As renewable energy prices have plummeted, there’s been an accompanying drop in demand for fossil fuel energy. The market shifts have taken a toll on the world’s largest maker of gas turbines, General Electric, which today (Dec. 7) announced plans to cut 12,000 jobs.
Those cuts will mostly come from GE’s power division, which makes energy-generation technologies. The reduction will account for 18% of the division’s workforce and affect both professional and production employees, the company said in a statement. The majority of job losses will occur outside the US, Bloomberg reports.
In a statement, Russell Stokes, the division’s president and CEO, said disruptions to the power market were “driving significantly lower volumes in products and services.” Demand for GE’s power-generation equipment has stalled in part because of renewable energy growth, says Robert McCarthy, an analyst at Stifel Financial.
The move is part of a larger restructuring effort under GE’s new chief executive John Flannery, who has faced immense pressure to regain the company’s footing since taking the helm in June of this year. GE’s stock price plunged 44% this year, the worst performer on the Dow, according to Bloomberg.

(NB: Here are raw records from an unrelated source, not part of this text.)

Lemma cycle_H1_nonzero (D : {set {set V}}) (p : nat -> V) (n : nat) : 1 < n ->
  (forall a b, a <= n -> b <= n -> p a = p b -> a = b) ->
  (forall a, a < n -> [set p a; p a.+1] \in D) -> [set p n; p 0] \in D ->
  (forall S, S \in D -> #|S| != 3) ->
  H1_nonzero K D.
Proof.
move=> n_gt1 p_inj p_step p_close no_triangle.
have p_neq a b : a <= n -> b <= n -> a != b -> p a != p b.
  by move=> an bn; apply: contra => /eqP/(p_inj _ _ an bn)->.
have step_neq a : a < n -> p a != p a.+1 by move=> an; apply: p_neq; lia.
have close_neq : p n != p 0 by apply: p_neq; lia.
pose z S := (\sum_(0 <= a < n) edge_chain (p a) (p a.+1) S + edge_chain (p n) (p 0) S)%R.
have edge_chain_out x y S : S != [set x; y] -> edge_chain x y S = 0%R.
  by rewrite /edge_chain => /negbTE ->.
exists z; split.
- move=> S nzS; suff /andP[SD /eqP S2] : (S \in D) && (#|S| == 2) by [].
  apply: contraNT nzS => bad; apply/eqP.
  have bad_edge x y : [set x; y] \in D -> x != y -> S != [set x; y].
    by move=> xyD xy; apply: contraNneq bad => ->; rewrite xyD cards2 xy.
  rewrite /z big_nat_cond big1 ?add0r => [|a /andP[/andP[_ an] _]];
    by rewrite edge_chain_out // bad_edge ?p_step ?step_neq.
- move=> T; rewrite bd_add bd_sum bd_edge_chain //.
  rewrite big_nat_cond (eq_bigr (fun a => (T == [set p a.+1])%:R - (T == [set p a])%:R)%R);
    last by move=> a /andP[/andP[_ an] _]; rewrite bd_edge_chain ?step_neq.
  by rewrite -big_nat_cond telescope_sumr // addrC subrKA subrr.
- case=> c [c_chain c_bd].
  have c0 S : c S = 0%R.
    by apply/eqP/negPn/negP => /c_chain[SD S3]; move: (no_triangle _ SD); rewrite S3.
  have /eqP : z [set p 0; p 1] = 0%R.
    by rewrite -c_bd /bd big1 // => S _; rewrite c0 mul0r.
  have small i : i <= n -> p i \in [set p 0; p 1] -> i <= 1.
    by move=> i_n /set2P[] /p_inj -> //; lia.
  have far a : 0 < a < n -> [set p 0; p 1] != [set p a; p a.+1].
    move=> /andP[a1 an]; apply/eqP => E.
    by have := small a.+1 an; rewrite E set22; lia.
  rewrite /z big_ltn; last lia.
  rewrite big_nat_cond big1 => [|a /andP[a_range _]]; last first.
    by rewrite edge_chain_out ?far.
  rewrite (edge_chain_out (p n)); last first.
    by apply/eqP => E; have := small n (leqnn n); rewrite E set21; lia.
  by rewrite /edge_chain eqxx !addr0 signr_eq0.
Qed.

Lemma hollow_triangle_H1 (D : {set {set V}}) (a b c : V) :
  a != b -> b != c -> c != a ->
  [set a; b] \in D -> [set b; c] \in D -> [set c; a] \in D -> [set a; b; c] \notin D ->
  H1_nonzero K (induced D [set a; b; c]).
Proof.
move=> ab bc ca abD bcD caD abcD; pose p i := nth a [:: a; b; c] i.
have in_induced x y : [set x; y] \in D -> x \in [set a; b; c] -> y \in [set a; b; c] ->
    [set x; y] \in induced D [set a; b; c].
  by move=> xyD xU yU; rewrite inE xyD; apply/subsetP=> t /set2P[]->.
apply: (@cycle_H1_nonzero _ p 2) => //.
- have abc_uniq : uniq [:: a; b; c] by rewrite /= !inE negb_or ab bc eq_sym ca.
  by move=> i j i2 j2 /eqP; rewrite nth_uniq // => /eqP.
- by move=> [|[|i]] //= _; apply: in_induced; rewrite ?inE ?eqxx ?orbT.
- by apply: in_induced; rewrite ?inE ?eqxx ?orbT.
- move=> S; rewrite inE => /andP[SD SU]; apply: contraNneq abcD => S3.
  suff <- : S = [set a; b; c] by [].
  apply/eqP; rewrite eqEcard SU S3 -setUA cardsU1 cards2.
  by case: (a \notin _); case: (b != c).
Qed.

End EdgeCycles.

Section Links.
Variables (V : finType) (G : {set {set V}}).

Lemma link_set0 : link G set0 = G.
Proof.
apply/setP=> X; apply/imsetP/idP => [[H] | XG].
  by rewrite inE setD0 => /andP[HG _] ->.
by exists X; rewrite ?inE ?XG ?sub0set ?setD0.
Qed.

Lemma setU_link (F T : {set V}) : T \in link G F -> F :|: T \in G.
Proof.
case/imsetP=> H; rewrite inE => /andP[HG FH] ->.
suff -> : F :|: (H :\: F) = H by [].
by apply/setP=> t; rewrite !inE; case: (boolP (t \in F)) => // /(subsetP FH).
Qed.

Lemma link_setU (F T : {set V}) : [disjoint F & T] -> F :|: T \in G -> T \in link G F.
Proof.
move=> FT FTG; apply/imsetP; exists (F :|: T); first by rewrite inE FTG subsetUl.
by rewrite setDUl setDv set0U; apply/esym/setDidPl; rewrite disjoint_sym.
Qed.

End Links.

Section NonReturningPaths.
Variables (V : finType) (G : {set {set V}}).

Definition nr_path (f : nat -> V) (k : nat) : Prop :=
  (forall j, j < k -> f j != f j.+1 /\ [set f j; f j.+1] \in G) /\
  (forall j, j.+2 <= k -> f j != f j.+2 /\ [set f j; f j.+1; f j.+2] \notin G).

Lemma eq_nr_path (f g : nat -> V) (k : nat) :
  (forall i, i <= k -> f i = g i) -> nr_path f k -> nr_path g k.
Proof.
move=> fg [steps turns]; split=> j jk; rewrite -!fg; try lia.
  exact: steps.
exact: turns.
Qed.

Lemma nr_path_le (f : nat -> V) (k k' : nat) : k' <= k -> nr_path f k -> nr_path f k'.
Proof. by move=> k'k [steps turns]; split=> j jk; [apply: steps | apply: turns]; lia. Qed.

Lemma nr_path_shift (f : nat -> V) (k a k' : nat) :
  a + k' <= k -> nr_path f k -> nr_path (fun i => f (a + i)) k'.
Proof.
move=> ak [steps turns]; split=> j jk; rewrite !addnS; [apply: steps | apply: turns]; lia.
Qed.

The company aims to cut $3.5 billion of expenses across its divisions by the end of 2018, including a $1 billion cut from the power division.
GE wasn’t the only major player caught unprepared for a market adapting to the realities of climate change. Last month, GE’s German-based competitor Siemens announced it would cut 2% of its global workforce, amounting to 6,900 jobs, in response to governments and companies shifting from fossil-fuel power plants to renewables. Both Siemens and GE expected demand for natural gas to make up for falling interest in coal, but that hasn’t happened fast enough, reports the Wall Street Journal.